The menu had starters like deep-fried Brie, a seafood chowder and smoked salmon all around the £5 mark and main courses included an entrecote steak with brandy and peppercorn sauce at £12, a chicken curry at £7.75, a tian of roasted vegetable at £7.95, a home-made burger at £5.95, chicken Kiev at £7.95 and a salmon steak at £9.95, all served with vegetables and potatoes. Nothing wildly exciting - but good, sensible dishes all. For once I didn't look at a wine list, we both decided that since we were in a pub that we'd do the traditional thing and drink beer.

For starters Susie had the smoked salmon and I had the deep-fried Brie. We both got a pleasant surprise when they arrived; served on big, handsome plates, the salmon came with capers and a mixed leaf salad that had been well dressed, and the Brie was similarly presented. These were both as enticing a dish on the plate as I've seen for a while. The Brie was cooked to perfection and the smoked salmon was excellent; moist and tender with a deep colour.

I began to worry that perhaps I should have chosen something a little more exciting than steak for my main course; after all, it was clear that whoever was in the kitchen knew what they were doing. But I needn't have worried, the steak and its brandy and peppercorn sauce were very good and Susie, who had chosen salmon again for her main course, was presented with a fine piece of salmon, perfectly cooked and served with herb crust and a lemon beurre.

Not long after we'd finished our main courses we were joined by our friend Patrick Guinness, who lives not too far away.
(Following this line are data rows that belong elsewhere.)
(* Let $g:\mathbb{Z}^d\to[0,\infty)$ be of the form $g(z)=\prod_{i=1}^d g_i(z_i)$, where each $g_i:\mathbb{Z}\to[0,\infty)$ is summable and log-concave. Let $f:\mathbb{Z}^d\to[0,\infty)$ be summable and log-supermodular. Then $f*g(x)=\sum_{z\in\mathbb{Z}^d}f(x-z)g(z)$ is log-supermodular on $\mathbb{Z}^d$.
   Context: A function $h:\mathbb{Z}\to[0,\infty)$ is log-concave if $\{h>0\}=I\cap\mathbb{Z}$ for some (possibly infinite) interval $I\subseteq\mathbb{R}$ and $h(n)^2\ge h(n+1)h(n-1)$ for all $n\in I$ (equivalently, $h$ admits a log-concave interpolation on $\mathbb{R}$). For $x,y\in\mathbb{Z}^d$, $(x\wedge y)_i=\min(x_i,y_i)$, $(x\vee y)_i=\max(x_i,y_i)$; $f$ is log-supermodular if $f(x)f(y)\le f(x\wedge y)f(x\vee y)$ for all $x,y\in\mathbb{Z}^d$. *)

From HB Require Import structures.
From mathcomp Require Import all_boot all_order all_algebra.
From mathcomp Require Import all_classical all_reals all_analysis.
Set Implicit Arguments. Unset Strict Implicit. Unset Printing Implicit Defensive.
Import Order.TTheory GRing.Theory Num.Theory.
Local Open Scope ring_scope.
Local Open Scope classical_set_scope.

Notation Zd d := {ffun 'I_d -> int}.

Definition zmeet (d : nat) (x y : Zd d) : Zd d := [ffun i => Num.min (x i) (y i)].
Definition zjoin (d : nat) (x y : Zd d) : Zd d := [ffun i => Num.max (x i) (y i)].

Definition log_concave_Z (R : realType) (h : int -> R) : Prop :=
  exists I : interval R,
    (forall n : int, 0 < h n <-> (n%:~R : R) \in I) /\
    (forall n : int, (n%:~R : R) \in I -> h (n + 1) * h (n - 1) <= h n ^+ 2).

Definition log_supermodular (R : realType) (d : nat) (f : Zd d -> R) : Prop :=
  forall x y : Zd d, f x * f y <= f (zmeet x y) * f (zjoin x y).

Definition summable_fun (T : choiceType) (R : realType) (f : T -> R) : Prop :=
  summable setT (fun z => (f z)%:E).

Definition zconv (R : realType) (d : nat) (f g : Zd d -> R) (x : Zd d) : R :=
  fine (\esum_(z in setT) ((f (x - z) * g z)%:E))%E.

(* A log-concave sequence g on Z yields a totally positive kernel:
   g (x - w) g (y - v) <= g (x /\ y - w /\ v) g (x \/ y - w \/ v), and a product of
   such kernels has the same property on Z^d.  Together with the log-supermodularity
   of f, the integrand (x, w) |-> f w g (x - w) then satisfies the hypothesis of the
   Ahlswede-Daykin four functions theorem in the variable w, and summing over w gives
   (f*g)(x) (f*g)(y) <= (f*g)(x /\ y) (f*g)(x \/ y).  The four functions theorem is
   proved on finite boxes {0, ..., n}^d by induction on the coordinates, starting from
   the case of a chain, and extended to Z^d by exhausting it with boxes. *)

From HB Require Import structures.
From mathcomp Require Import all_boot all_order all_algebra.
From mathcomp Require Import all_classical all_reals all_analysis.
From mathcomp Require Import ring lra zify.
Import Order.TTheory GRing.Theory Num.Theory.
Local Open Scope ring_scope.
Set Implicit Arguments. Unset Strict Implicit. Unset Printing Implicit Defensive.

Section FourFunctionsChain.
Variable R : realFieldType.

Lemma lerD_of_mul_le (p q P Q : R) : 0 <= p -> 0 <= q -> 0 <= Q ->
  p <= P -> q <= P -> p * q <= P * Q -> p + q <= P + Q.
Proof.
move=> p0 q0 Q0 pP qP pqPQ.
have [P0|P_neq0] := eqVneq P 0; first by subst P; lra.
have P_gt0 : 0 < P by rewrite lt_def P_neq0 (le_trans p0).
have : 0 <= (P - p) * (P - q) by rewrite mulr_ge0 // subr_ge0.
by rewrite -(ler_pM2l P_gt0 (p + q)) => ?; nra.
Qed.

Lemma four_functions_chain (N : nat) (a b c e : nat -> R) :
  (forall i, 0 <= a i) -> (forall i, 0 <= b i) ->
  (forall i, 0 <= c i) -> (forall i, 0 <= e i) ->
  (forall i j, (i < N)%N -> (j < N)%N -> a i * b j <= c (minn i j) * e (maxn i j)) ->
  (\sum_(i < N) a i) * (\sum_(i < N) b i) <= (\sum_(i < N) c i) * (\sum_(i < N) e i).
Proof.
move=> a0 b0 c0 e0; elim: N => [|N IH] abce; first by rewrite !big_ord0 !mul0r.
have NN : a N * b N <= c N * e N by have := abce N N (ltnSn N) (ltnSn N); rewrite minnn maxnn.
rewrite !big_ord_recr /=.
set A := \sum_(i < N) a i; set B := \sum_(i < N) b i.
set C := \sum_(i < N) c i; set D := \sum_(i < N) e i.
have {}IH : A * B <= C * D by apply: IH => i j iN jN; apply: abce; apply: ltnW.
(* Termwise, [lerD_of_mul_le] with [p, q, P, Q := a i b N, a N b i, c i e N, c N e i]. *)
have cross : A * b N + a N * B <= C * e N + c N * D.
  rewrite /A /B /C /D !mulr_suml !mulr_sumr -!big_split /=.
  apply: ler_sum => i _.
  have iN : (i < N.+1)%N := ltnW (ltn_ord i).
  have iN' : (i <= N)%N := ltnW (ltn_ord i).
  have iNi := abce i N iN (ltnSn N); rewrite (minn_idPl iN') (maxn_idPr iN') in iNi.
  have Nii := abce N i (ltnSn N) iN; rewrite (minn_idPr iN') (maxn_idPl iN') in Nii.
  have ii := abce i i iN iN; rewrite minnn maxnn in ii.
  apply: lerD_of_mul_le; rewrite ?mulr_ge0 //.
  have -> : a i * b N * (a N * b i) = (a i * b i) * (a N * b N) by ring.
  have -> : c i * e N * (c N * e i) = (c i * e i) * (c N * e N) by ring.
  by apply: ler_pM; rewrite ?mulr_ge0.
nra.
Qed.

End FourFunctionsChain.

Section FourFunctionsBox.
Variables (R : realFieldType) (d n : nat).
Local Notation box := {ffun 'I_d -> 'I_n.+1}.

Definition fmeet (a b : box) : box := [ffun i => if (a i < b i)%N then a i else b i].
Definition fjoin (a b : box) : box := [ffun i => if (a i < b i)%N then b i else a i].

Lemma fmeetE a b i : (fmeet a b i : nat) = minn (a i) (b i).
Proof. by rewrite ffunE /minn; case: ifP. Qed.

Lemma fjoinE a b i : (fjoin a b i : nat) = maxn (a i) (b i).
Proof. by rewrite ffunE /maxn; case: ifP. Qed.

Definition agree_from (k : nat) (p a : box) : bool :=
  [forall i : 'I_d, (k <= i)%N ==> (a i == p i)].

Definition fupd (p : box) (j : 'I_d) (t : 'I_n.+1) : box :=
  [ffun i => if i == j then t else p i].
(* Let $V\colon\mathbf{ZZ}\to\mathbf{Vec}$ be an indecomposable zigzag persistence module. Then there exists an integer $t\geq 0$ such that for every even integer $i\ge t$ the map $f_i\colon V_i\to V_{i+1}$ is injective and the map $g_i\colon V_i\to V_{i-1}$ is surjective. Dually, there exists an integer $s\le 0$ such that for every even integer $i\le s$ the map $f_i$ is surjective and $g_i$ is injective.
   Context: Fix a field $\mathbb{F}$; $\mathbf{Vec}$ denotes the category of finite-dimensional $\mathbb{F}$-vector spaces. $\mathbf{ZZ}$ is the category whose objects are the integers, with non-identity morphisms $i\to i-1$ and $i\to i+1$ for every even integer $i$. A zigzag persistence module is a functor $V\colon\mathbf{ZZ}\to\mathbf{Vec}$, with $g_i=V(i\to i-1)\colon V_i\to V_{i-1}$ and $f_i=V(i\to i+1)\colon V_i\to V_{i+1}$ for even $i$. Direct sums are pointwise; $V$ is indecomposable if it is nonzero and there are no nonzero $U,W$ with $V\cong U\oplus W$. *)

From HB Require Import structures.
From mathcomp Require Import all_boot all_order all_algebra.
Set Implicit Arguments. Unset Strict Implicit. Unset Printing Implicit Defensive.
Import Order.TTheory GRing.Theory Num.Theory.
Local Open Scope ring_scope.

(* V_i is represented as the coordinate space 'rV[F]_(zdim i);
   a linear map V_i -> V_j is a matrix acting on row vectors (v |-> v *m A).
   zf i represents f_i : V_i -> V_{i+1} and zg i represents g_i : V_i -> V_{i-1};
   they are only meaningful (and only ever used) for even i. *)
Record zzmod (F : fieldType) := ZZmod {
  zdim : int -> nat;
  zf : forall i : int, 'M[F]_(zdim i, zdim (i + 1));
  zg : forall i : int, 'M[F]_(zdim i, zdim (i - 1))
}.

Definition zeven (i : int) : bool := (2 %| i)%Z.

Definition zzmorph (F : fieldType) (V W : zzmod F)
  (phi : forall i : int, 'M[F]_(zdim V i, zdim W i)) : Prop :=
  forall i : int, zeven i ->
    zf V i *m phi (i + 1) = phi i *m zf W i /\
    zg V i *m phi (i - 1) = phi i *m zg W i.

Definition zziso (F : fieldType) (V W : zzmod F) : Prop :=
  exists (phi : forall i : int, 'M[F]_(zdim V i, zdim W i))
         (psi : forall i : int, 'M[F]_(zdim W i, zdim V i)),
    [/\ zzmorph phi, zzmorph psi,
        forall i, phi i *m psi i = 1%:M &
        forall i, psi i *m phi i = 1%:M].

Definition zzsum (F : fieldType) (U W : zzmod F) : zzmod F :=
  @ZZmod F (fun i => (zdim U i + zdim W i)%N)
    (fun i => block_mx (zf U i) 0 0 (zf W i))
    (fun i => block_mx (zg U i) 0 0 (zg W i)).

Definition zznonzero (F : fieldType) (V : zzmod F) : Prop :=
  exists i : int, zdim V i <> 0%N.

Definition zzindecomposable (F : fieldType) (V : zzmod F) : Prop :=
  zznonzero V /\
  ~ (exists U W : zzmod F, [/\ zznonzero U, zznonzero W & zziso V (zzsum U W)]).

Definition lin_injective (F : fieldType) m n (A : 'M[F]_(m, n)) : Prop :=
  injective (fun v : 'rV[F]_m => v *m A).
Definition lin_surjective (F : fieldType) m n (A : 'M[F]_(m, n)) : Prop :=
  forall w : 'rV[F]_n, exists v : 'rV[F]_m, v *m A = w.

From HB Require Import structures.
From mathcomp Require Import all_boot all_order all_algebra zify.
From Stdlib Require Import Classical ClassicalEpsilon.
Import Order.TTheory GRing.Theory Num.Theory.
Set Implicit Arguments. Unset Strict Implicit. Unset Printing Implicit Defensive.
Local Open Scope ring_scope.

(* If f_i is not injective (or g_i not surjective) for some even i, pick a
   nonzero kernel vector of f_i (or a nonzero functional on V_(i-1) killing the
   image of g_i).  Reading V leftwards from there gives a zigzag of linear maps
   along a half-line, and the vector extends to a thread v_k of compatible
   vectors together with a thread u_k of compatible functionals on the dual
   zigzag, normalised so that v_k u_k^T = 1 or v_k = u_k = 0.  The vector
   either dies after finitely many steps, stops being extendable after finitely
   many steps, or extends forever without dying; in each case a functional
   separating it from the vectors dying one step earlier, from those extending
   one step further, or from those dying eventually starts the dual thread.  The
   rank-one maps u_k^T v_k, extended by 0, form a nonzero idempotent
   endomorphism of V vanishing to the right of i; by indecomposability it is
   the identity, so V_n = 0 for n > i and the maps there are trivially
   injective and surjective.  The left tail is symmetric. *)

Lemma row_base_fixedK (F : fieldType) m n (e : 'M[F]_n) (x : 'M[F]_(m, n)) :
  x *m e = x -> x *m pinvmx (row_base e) *m row_base e = x.
Proof. by move=> xe; apply: mulmxKpV; rewrite eq_row_base -xe submxMl. Qed.

Section IdempotentRowBase.
Variables (F : fieldType) (n : nat) (e : 'M[F]_n).
Hypothesis e_idem : e *m e = e.

Lemma row_base_idem : row_base e *m e = row_base e.
Proof.
have : (row_base e <= e)%MS by rewrite eq_row_base.
by case/submxP=> D ->; rewrite -mulmxA e_idem.
Qed.

Lemma idem_compl : (1%:M - e) *m (1%:M - e) = 1%:M - e.
Proof. by rewrite mulmxBl mul1mx mulmxBr mulmx1 e_idem subrr subr0. Qed.

Lemma row_base_idem_compl : row_base e *m (1%:M - e) = 0.
Proof. by rewrite mulmxBr mulmx1 row_base_idem subrr. Qed.

Lemma row_base_compl_idem : row_base (1%:M - e) *m e = 0.
Proof.
have : (row_base (1%:M - e) <= 1%:M - e)%MS by rewrite eq_row_base.
by case/submxP=> D ->; rewrite -mulmxA mulmxBl mul1mx e_idem subrr mulmx0.
Qed.

End IdempotentRowBase.

Section IdempotentIntertwiner.
Variables (F : fieldType) (na nb : nat) (ea : 'M[F]_na) (eb : 'M[F]_nb).
Variable M : 'M[F]_(na, nb).
Hypotheses (ea_idem : ea *m ea = ea) (M_ea_eb : M *m eb = ea *m M).

Local Notation Ba := (row_base ea).
Local Notation Bb := (row_base eb).

Lemma idem_proj_intertwine :
  M *m (eb *m pinvmx Bb) = (ea *m pinvmx Ba) *m (Ba *m M *m pinvmx Bb).
Proof.
have -> : ea *m pinvmx Ba *m (Ba *m M *m pinvmx Bb) = ea *m pinvmx Ba *m Ba *m M *m pinvmx Bb.
  by rewrite !mulmxA.
by rewrite row_base_fixedK // -M_ea_eb mulmxA.
Qed.

Lemma idem_incl_intertwine : Ba *m M *m pinvmx Bb *m Bb = Ba *m M.
Proof.
by rewrite row_base_fixedK // -mulmxA M_ea_eb mulmxA row_base_idem.
Qed.

End IdempotentIntertwiner.

Section BlockIntertwiner.
Variables (F : fieldType) (m m' n1 n2 n1' n2' : nat) (M : 'M[F]_(m, m')).

Lemma row_mx_intertwine (A : 'M[F]_(n1, n1')) (B : 'M[F]_(n2, n2'))
    (P1 : 'M_(m, n1)) (P2 : 'M_(m, n2)) (Q1 : 'M_(m', n1')) (Q2 : 'M_(m', n2')) :
  M *m Q1 = P1 *m A -> M *m Q2 = P2 *m B ->
  M *m row_mx Q1 Q2 = row_mx P1 P2 *m block_mx A 0 0 B.
Proof.
by move=> h1 h2; rewrite mul_mx_row mul_row_block !mulmx0 addr0 add0r h1 h2.
Qed.

Lemma col_mx_intertwine (A : 'M[F]_(n1, n1')) (B : 'M[F]_(n2, n2'))
    (P1 : 'M_(n1, m)) (P2 : 'M_(n2, m)) (Q1 : 'M_(n1', m')) (Q2 : 'M_(n2', m')) :
  A *m Q1 = P1 *m M -> B *m Q2 = P2 *m M ->
  block_mx A 0 0 B *m col_mx Q1 Q2 = col_mx P1 P2 *m M.
Proof.
by move=> h1 h2; rewrite mul_col_mx mul_block_col !mul0mx addr0 add0r h1 h2.
Qed.

End BlockIntertwiner.

Section IdempotentSplitting.
Variables (F : fieldType) (V : zzmod F) (e : forall i, 'M[F]_(zdim V i)).
Hypotheses (e_morph : zzmorph e) (e_idem : forall i, e i *m e i = e i).

Definition image_zzmod (p : forall i, 'M[F]_(zdim V i)) : zzmod F :=
  @ZZmod F (fun i => \rank (p i))
    (fun i => row_base (p i) *m zf V i *m pinvmx (row_base (p (i + 1))))
    (fun i => row_base (p i) *m zg V i *m pinvmx (row_base (p (i - 1)))).

Let c i : 'M[F]_(zdim V i) := 1%:M - e i.

Lemma compl_morph : zzmorph c.
Proof.
move=> i ev; have [hf hg] := e_morph ev.
by rewrite /c !mulmxBr !mulmxBl !mulmx1 !mul1mx hf hg.
Qed.

Lemma zziso_idem_split : zziso V (zzsum (image_zzmod e) (image_zzmod c)).
Proof.
have c_idem i : c i *m c i = c i by exact: idem_compl.
exists (fun i => row_mx (e i *m pinvmx (row_base (e i))) (c i *m pinvmx (row_base (c i)))).
exists (fun i => col_mx (row_base (e i)) (row_base (c i))).
split.
- move=> i ev; have [hf hg] := e_morph ev; have [hf' hg'] := compl_morph ev.
  by split; apply: row_mx_intertwine; apply: idem_proj_intertwine.
- move=> i ev; have [hf hg] := e_morph ev; have [hf' hg'] := compl_morph ev.
  by split; apply: col_mx_intertwine; apply: idem_incl_intertwine.
- by move=> i; rewrite mul_row_col !row_base_fixedK // /c addrC subrK.
- move=> i; rewrite mul_col_row !(mulmxA (row_base _) _ (pinvmx _)) /c.
  rewrite row_base_idem_compl // row_base_compl_idem // !mul0mx.
  by rewrite !row_base_idem ?idem_compl // !mulmxVp ?row_base_free // -scalar_mx_block.
Qed.

Lemma image_zzmod_nonzero p : (exists i, p i != 0) -> zznonzero (image_zzmod p).
Proof. by case=> i pi0; exists i => /eqP; rewrite mxrank_eq0 (negbTE pi0). Qed.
We couldn't persuade him to eat, despite my heartfelt recommendations - not even a taste of the steamed pudding that I'd ordered on the basis that all nursery food is comforting. What we did persuade him to do was give us the history of Ballymore. It was, he told us, for a long time an island of Co. Dublin, surrounded by Wicklow and Kildare. It seems the Eustace family enjoyed the link with Dublin and fought successfully to keep it. While I learnt a little history, I picked at my steamed pudding - a nostalgic end to what had been a surprisingly good meal.

A few more beers and some coffees brought the evening to an end and a modest bill £52.10 didn't seem like a lot for the quality of what we'd eaten. Okay, there was no linen on the table, but the service had been quick and friendly and the espressos were very good. I haven't made much effort in the past to review pub grub, but this meal has changed my mind. The Thatch is a pub that takes its food seriously and that's a big plus in my view.